> **Exercise brief**: The word "change" occurs in some lines of the data. Return each such line.
-- Opening Marker --
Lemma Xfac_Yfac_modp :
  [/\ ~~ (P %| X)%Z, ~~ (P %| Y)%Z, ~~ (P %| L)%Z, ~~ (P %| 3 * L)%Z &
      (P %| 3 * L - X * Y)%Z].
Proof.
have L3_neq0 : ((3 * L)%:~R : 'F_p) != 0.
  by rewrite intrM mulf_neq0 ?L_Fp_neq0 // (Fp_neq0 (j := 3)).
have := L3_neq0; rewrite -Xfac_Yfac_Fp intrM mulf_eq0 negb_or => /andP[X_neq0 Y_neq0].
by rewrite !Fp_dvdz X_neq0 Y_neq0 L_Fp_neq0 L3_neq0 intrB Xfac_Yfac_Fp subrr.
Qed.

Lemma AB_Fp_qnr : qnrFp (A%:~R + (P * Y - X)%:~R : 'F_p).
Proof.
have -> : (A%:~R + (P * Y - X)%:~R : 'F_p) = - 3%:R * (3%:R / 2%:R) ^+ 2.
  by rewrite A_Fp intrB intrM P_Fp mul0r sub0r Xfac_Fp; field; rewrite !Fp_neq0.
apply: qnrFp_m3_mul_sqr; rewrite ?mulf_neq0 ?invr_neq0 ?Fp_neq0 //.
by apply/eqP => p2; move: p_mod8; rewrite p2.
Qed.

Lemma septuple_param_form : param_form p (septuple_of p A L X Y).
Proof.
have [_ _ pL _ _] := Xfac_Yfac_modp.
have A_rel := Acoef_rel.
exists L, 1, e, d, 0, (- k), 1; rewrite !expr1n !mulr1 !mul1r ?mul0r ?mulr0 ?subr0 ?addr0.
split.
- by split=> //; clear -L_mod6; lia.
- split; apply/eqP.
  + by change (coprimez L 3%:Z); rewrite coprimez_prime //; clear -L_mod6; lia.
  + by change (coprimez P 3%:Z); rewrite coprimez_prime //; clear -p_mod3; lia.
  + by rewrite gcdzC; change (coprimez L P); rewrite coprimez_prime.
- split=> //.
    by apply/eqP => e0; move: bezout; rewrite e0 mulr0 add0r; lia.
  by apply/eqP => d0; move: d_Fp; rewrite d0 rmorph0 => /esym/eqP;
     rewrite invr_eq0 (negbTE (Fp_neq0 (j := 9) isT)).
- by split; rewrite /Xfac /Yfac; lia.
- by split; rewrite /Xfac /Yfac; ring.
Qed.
-- Closing Marker --
-- Opening Marker --
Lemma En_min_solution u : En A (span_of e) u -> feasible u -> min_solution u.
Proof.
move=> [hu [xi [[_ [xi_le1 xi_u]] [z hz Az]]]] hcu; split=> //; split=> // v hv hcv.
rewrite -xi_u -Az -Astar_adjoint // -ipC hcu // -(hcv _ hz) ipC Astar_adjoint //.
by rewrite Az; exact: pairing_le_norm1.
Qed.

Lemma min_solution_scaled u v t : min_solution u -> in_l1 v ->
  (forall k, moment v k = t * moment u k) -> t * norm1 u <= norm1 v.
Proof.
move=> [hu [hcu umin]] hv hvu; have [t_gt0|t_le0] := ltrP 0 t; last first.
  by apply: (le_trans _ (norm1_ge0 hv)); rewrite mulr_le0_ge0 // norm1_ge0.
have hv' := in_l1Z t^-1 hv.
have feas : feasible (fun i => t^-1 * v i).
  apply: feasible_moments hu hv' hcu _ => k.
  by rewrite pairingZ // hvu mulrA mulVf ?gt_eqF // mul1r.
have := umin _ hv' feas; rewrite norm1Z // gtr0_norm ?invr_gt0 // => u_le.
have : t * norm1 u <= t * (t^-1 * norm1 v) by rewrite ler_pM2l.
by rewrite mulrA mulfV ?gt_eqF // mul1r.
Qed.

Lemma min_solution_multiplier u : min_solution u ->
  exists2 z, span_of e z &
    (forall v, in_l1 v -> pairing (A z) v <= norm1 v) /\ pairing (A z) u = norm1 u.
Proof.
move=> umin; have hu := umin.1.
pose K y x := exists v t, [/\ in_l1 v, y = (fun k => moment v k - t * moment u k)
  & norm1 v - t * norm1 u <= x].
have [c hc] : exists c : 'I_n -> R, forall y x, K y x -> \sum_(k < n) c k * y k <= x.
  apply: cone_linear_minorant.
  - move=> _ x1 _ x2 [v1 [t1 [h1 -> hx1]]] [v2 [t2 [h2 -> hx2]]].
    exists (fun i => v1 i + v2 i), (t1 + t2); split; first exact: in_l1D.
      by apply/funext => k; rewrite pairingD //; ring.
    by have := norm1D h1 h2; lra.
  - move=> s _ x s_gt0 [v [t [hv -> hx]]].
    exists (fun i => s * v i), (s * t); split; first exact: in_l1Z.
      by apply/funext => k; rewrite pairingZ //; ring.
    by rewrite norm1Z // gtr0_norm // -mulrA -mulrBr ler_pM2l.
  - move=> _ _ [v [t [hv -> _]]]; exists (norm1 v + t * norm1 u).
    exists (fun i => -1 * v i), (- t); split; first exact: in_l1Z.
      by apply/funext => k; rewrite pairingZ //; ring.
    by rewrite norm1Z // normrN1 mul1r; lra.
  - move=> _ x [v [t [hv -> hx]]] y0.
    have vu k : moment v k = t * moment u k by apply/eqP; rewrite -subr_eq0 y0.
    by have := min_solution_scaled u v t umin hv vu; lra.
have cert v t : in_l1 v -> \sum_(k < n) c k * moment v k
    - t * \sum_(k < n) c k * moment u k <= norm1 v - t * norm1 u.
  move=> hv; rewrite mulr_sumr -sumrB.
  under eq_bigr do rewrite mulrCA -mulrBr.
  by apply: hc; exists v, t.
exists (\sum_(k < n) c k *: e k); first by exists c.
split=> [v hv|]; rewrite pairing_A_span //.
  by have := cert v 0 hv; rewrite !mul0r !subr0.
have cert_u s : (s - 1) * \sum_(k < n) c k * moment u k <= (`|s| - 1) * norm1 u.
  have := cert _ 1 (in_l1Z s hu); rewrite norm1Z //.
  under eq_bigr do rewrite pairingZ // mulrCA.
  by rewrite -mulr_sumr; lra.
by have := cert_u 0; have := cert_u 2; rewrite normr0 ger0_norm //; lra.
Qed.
-- Closing Marker --
> **Exercise solution**:
  + by change (coprimez L 3%:Z); rewrite coprimez_prime //; clear -L_mod6; lia.
  + by change (coprimez P 3%:Z); rewrite coprimez_prime //; clear -p_mod3; lia.
  + by rewrite gcdzC; change (coprimez L P); rewrite coprimez_prime.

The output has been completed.